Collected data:
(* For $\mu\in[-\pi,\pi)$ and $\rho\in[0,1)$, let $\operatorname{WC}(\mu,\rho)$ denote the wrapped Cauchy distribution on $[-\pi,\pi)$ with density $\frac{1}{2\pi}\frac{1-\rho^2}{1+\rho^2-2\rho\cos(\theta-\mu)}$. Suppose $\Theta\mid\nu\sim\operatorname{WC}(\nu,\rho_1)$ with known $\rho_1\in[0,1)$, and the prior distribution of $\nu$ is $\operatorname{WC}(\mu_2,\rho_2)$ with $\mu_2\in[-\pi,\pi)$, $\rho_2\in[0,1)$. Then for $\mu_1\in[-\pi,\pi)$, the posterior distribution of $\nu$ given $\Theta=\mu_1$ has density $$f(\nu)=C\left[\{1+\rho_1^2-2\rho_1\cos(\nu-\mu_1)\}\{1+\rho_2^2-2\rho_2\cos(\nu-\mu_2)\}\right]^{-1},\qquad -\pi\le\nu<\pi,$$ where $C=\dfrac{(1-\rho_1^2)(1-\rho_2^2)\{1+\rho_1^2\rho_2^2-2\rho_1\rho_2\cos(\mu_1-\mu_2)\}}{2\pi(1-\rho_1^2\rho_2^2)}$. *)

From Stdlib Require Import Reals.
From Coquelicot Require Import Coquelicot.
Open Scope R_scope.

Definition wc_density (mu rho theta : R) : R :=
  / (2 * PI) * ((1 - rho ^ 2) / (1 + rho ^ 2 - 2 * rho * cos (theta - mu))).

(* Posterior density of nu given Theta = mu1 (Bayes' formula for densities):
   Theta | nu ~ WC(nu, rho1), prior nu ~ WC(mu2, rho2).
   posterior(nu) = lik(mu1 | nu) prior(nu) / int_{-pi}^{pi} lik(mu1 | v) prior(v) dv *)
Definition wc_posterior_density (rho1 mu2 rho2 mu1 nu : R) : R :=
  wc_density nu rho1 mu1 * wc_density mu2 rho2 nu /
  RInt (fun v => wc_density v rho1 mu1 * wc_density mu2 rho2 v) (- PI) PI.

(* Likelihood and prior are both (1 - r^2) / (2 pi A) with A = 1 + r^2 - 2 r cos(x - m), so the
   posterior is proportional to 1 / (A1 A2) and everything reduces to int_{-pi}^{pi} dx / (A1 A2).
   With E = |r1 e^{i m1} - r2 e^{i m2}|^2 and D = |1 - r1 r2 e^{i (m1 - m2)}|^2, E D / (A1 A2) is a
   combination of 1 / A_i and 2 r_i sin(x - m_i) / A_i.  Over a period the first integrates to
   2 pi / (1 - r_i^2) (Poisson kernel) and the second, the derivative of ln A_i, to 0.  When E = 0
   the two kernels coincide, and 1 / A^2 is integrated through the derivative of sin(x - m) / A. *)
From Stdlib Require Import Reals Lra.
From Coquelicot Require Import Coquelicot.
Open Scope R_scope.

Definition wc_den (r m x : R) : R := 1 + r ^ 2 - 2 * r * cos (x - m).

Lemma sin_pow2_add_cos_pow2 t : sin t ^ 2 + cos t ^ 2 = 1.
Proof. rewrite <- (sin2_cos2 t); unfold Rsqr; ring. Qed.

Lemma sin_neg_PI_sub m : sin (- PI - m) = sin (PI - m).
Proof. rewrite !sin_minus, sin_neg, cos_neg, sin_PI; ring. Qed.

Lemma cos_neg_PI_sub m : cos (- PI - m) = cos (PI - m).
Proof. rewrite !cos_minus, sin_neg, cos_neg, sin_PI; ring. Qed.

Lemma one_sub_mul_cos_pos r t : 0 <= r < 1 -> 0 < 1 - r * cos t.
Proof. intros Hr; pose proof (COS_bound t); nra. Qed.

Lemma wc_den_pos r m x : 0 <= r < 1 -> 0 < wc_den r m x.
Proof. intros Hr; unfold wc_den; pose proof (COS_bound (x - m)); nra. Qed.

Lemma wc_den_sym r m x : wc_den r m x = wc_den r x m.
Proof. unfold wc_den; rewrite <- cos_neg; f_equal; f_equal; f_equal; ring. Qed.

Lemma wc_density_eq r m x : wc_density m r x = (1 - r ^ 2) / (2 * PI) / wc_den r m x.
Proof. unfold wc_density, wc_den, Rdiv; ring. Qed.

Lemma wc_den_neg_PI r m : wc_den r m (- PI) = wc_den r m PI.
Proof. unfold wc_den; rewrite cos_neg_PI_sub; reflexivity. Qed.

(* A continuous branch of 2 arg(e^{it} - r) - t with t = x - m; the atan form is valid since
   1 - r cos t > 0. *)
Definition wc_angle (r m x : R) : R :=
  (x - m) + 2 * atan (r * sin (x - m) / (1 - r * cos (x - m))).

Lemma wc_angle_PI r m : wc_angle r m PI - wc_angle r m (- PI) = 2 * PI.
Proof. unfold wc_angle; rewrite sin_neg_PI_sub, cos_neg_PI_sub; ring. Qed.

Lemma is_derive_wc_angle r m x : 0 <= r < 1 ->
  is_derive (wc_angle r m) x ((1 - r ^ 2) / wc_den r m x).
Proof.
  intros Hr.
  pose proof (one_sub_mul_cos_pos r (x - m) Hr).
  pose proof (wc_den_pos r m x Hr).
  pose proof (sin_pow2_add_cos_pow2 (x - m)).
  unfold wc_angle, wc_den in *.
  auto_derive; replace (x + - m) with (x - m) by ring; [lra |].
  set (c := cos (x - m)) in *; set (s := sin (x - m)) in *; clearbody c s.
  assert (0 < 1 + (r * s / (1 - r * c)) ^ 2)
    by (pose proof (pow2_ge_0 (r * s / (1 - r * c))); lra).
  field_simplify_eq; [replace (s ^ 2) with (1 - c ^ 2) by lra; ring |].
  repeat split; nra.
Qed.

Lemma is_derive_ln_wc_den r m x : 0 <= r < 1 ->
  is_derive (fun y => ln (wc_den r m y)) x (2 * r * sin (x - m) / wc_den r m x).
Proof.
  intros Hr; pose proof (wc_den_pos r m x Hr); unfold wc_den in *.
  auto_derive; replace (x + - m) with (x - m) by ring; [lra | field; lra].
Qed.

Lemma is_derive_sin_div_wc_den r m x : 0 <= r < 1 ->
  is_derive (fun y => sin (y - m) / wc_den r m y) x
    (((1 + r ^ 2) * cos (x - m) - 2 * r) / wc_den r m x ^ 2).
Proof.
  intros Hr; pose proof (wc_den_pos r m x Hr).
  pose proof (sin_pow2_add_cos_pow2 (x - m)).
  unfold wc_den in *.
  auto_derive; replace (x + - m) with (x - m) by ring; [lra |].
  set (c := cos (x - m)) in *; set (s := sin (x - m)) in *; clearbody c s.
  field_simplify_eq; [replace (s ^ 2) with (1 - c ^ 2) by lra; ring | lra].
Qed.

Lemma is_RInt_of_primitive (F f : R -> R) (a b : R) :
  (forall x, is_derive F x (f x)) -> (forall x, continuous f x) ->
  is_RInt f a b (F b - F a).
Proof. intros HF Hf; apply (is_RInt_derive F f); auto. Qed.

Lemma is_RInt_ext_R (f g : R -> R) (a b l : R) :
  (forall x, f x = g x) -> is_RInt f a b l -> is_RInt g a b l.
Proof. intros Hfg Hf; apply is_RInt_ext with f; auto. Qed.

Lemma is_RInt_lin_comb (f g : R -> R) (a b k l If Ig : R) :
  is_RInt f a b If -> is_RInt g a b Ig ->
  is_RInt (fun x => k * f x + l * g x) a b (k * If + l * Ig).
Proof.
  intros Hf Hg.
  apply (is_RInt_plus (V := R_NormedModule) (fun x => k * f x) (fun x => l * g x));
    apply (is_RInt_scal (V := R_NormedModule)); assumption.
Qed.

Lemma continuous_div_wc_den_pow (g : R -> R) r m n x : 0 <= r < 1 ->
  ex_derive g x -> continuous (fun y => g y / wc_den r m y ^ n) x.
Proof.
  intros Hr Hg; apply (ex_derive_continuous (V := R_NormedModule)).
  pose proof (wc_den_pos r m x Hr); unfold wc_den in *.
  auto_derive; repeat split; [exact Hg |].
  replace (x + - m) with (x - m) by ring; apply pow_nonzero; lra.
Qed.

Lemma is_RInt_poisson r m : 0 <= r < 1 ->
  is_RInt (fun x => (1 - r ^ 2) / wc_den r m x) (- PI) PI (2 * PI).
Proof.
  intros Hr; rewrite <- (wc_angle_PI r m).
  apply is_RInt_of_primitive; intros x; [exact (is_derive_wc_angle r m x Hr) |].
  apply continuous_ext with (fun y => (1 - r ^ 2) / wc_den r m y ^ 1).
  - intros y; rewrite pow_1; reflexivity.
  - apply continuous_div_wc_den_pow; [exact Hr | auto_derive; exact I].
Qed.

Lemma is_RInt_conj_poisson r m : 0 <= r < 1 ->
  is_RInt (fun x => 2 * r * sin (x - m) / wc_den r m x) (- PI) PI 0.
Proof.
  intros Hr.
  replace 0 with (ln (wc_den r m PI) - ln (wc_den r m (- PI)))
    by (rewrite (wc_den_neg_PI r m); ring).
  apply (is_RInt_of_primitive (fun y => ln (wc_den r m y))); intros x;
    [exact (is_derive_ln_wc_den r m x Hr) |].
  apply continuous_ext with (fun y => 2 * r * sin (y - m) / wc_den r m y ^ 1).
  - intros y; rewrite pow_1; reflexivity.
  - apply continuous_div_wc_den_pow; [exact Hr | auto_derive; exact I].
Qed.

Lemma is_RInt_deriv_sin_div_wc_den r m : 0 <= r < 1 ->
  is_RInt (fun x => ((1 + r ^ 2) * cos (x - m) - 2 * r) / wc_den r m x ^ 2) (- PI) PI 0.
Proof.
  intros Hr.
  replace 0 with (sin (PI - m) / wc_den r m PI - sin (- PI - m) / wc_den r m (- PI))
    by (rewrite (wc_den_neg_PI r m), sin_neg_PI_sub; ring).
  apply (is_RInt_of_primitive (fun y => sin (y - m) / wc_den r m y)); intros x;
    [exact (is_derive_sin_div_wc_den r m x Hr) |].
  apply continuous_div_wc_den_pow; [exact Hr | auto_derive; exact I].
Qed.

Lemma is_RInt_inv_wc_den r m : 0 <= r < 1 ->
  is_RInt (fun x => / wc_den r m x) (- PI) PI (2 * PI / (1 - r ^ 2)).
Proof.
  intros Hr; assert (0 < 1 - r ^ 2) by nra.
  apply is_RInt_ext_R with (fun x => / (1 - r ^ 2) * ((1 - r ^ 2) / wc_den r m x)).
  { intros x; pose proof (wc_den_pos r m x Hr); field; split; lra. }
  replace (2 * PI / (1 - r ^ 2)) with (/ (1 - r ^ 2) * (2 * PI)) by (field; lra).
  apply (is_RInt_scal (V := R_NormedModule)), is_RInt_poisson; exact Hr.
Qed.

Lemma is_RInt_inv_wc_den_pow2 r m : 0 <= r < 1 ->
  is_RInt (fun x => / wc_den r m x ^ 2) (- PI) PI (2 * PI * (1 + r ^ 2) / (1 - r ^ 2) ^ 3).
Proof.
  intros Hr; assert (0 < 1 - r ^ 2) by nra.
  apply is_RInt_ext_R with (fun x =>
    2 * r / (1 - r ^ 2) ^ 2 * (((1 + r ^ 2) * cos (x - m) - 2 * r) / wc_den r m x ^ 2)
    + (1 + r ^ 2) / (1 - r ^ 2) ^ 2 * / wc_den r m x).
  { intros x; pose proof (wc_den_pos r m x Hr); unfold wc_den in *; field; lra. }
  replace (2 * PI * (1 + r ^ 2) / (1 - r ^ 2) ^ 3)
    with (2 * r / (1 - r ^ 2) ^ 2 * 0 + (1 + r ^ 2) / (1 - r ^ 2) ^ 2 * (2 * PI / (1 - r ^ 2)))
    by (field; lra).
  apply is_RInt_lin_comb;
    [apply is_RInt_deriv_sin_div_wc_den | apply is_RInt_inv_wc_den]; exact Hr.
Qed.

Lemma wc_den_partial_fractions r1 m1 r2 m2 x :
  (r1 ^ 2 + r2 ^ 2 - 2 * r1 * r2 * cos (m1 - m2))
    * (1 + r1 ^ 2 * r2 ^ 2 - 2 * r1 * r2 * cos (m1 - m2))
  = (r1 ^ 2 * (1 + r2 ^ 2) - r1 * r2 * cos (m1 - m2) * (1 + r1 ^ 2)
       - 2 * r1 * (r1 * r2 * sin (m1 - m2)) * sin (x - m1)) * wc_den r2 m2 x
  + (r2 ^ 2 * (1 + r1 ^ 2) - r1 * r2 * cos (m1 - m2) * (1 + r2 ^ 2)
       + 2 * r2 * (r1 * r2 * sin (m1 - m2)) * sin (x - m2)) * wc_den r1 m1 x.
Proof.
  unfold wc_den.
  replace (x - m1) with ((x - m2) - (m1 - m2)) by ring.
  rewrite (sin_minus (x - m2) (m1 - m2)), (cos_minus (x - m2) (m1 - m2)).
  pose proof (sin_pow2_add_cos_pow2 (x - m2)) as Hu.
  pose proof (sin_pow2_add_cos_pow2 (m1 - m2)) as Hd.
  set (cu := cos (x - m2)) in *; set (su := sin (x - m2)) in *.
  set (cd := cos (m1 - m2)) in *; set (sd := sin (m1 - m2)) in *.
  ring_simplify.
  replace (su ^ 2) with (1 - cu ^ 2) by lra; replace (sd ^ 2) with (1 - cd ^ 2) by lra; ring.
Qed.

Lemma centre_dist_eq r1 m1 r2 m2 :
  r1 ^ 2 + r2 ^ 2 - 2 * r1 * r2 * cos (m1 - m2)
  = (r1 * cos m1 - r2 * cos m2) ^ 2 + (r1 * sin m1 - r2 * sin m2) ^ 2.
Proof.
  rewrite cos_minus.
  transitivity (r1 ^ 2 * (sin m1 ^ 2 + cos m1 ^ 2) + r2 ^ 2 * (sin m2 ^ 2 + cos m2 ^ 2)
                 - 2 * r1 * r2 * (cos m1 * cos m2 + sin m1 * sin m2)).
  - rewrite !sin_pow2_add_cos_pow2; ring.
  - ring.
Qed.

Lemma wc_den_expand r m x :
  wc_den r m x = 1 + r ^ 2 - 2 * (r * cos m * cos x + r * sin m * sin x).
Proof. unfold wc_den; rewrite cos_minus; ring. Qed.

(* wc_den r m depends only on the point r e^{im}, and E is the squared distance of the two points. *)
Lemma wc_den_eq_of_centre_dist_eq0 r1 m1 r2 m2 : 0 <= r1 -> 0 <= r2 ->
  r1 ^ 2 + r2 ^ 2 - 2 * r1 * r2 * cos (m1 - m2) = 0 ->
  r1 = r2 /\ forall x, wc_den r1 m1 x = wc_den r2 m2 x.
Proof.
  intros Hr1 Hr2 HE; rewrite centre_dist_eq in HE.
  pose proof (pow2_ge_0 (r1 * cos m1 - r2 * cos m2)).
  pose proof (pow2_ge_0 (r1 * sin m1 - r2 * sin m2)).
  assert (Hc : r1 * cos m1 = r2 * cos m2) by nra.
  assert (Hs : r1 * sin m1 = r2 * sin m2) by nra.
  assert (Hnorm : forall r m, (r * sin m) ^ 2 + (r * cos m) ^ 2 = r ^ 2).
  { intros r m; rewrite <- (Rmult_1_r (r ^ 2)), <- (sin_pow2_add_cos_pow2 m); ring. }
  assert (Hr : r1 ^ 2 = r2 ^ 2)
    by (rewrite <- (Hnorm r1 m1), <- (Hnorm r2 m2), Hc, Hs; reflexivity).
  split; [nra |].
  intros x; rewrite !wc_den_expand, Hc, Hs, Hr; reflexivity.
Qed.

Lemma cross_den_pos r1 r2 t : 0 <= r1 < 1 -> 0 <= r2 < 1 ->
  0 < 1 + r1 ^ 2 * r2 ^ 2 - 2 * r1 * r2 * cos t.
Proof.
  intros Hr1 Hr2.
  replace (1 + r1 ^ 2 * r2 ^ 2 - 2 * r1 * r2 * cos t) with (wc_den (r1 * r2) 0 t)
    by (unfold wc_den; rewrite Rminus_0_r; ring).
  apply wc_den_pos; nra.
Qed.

- _Task instructions_: Using the records above, find and show each line with the string "Reals".

- _Task response_:
From Stdlib Require Import Reals.
From Stdlib Require Import Reals Lra.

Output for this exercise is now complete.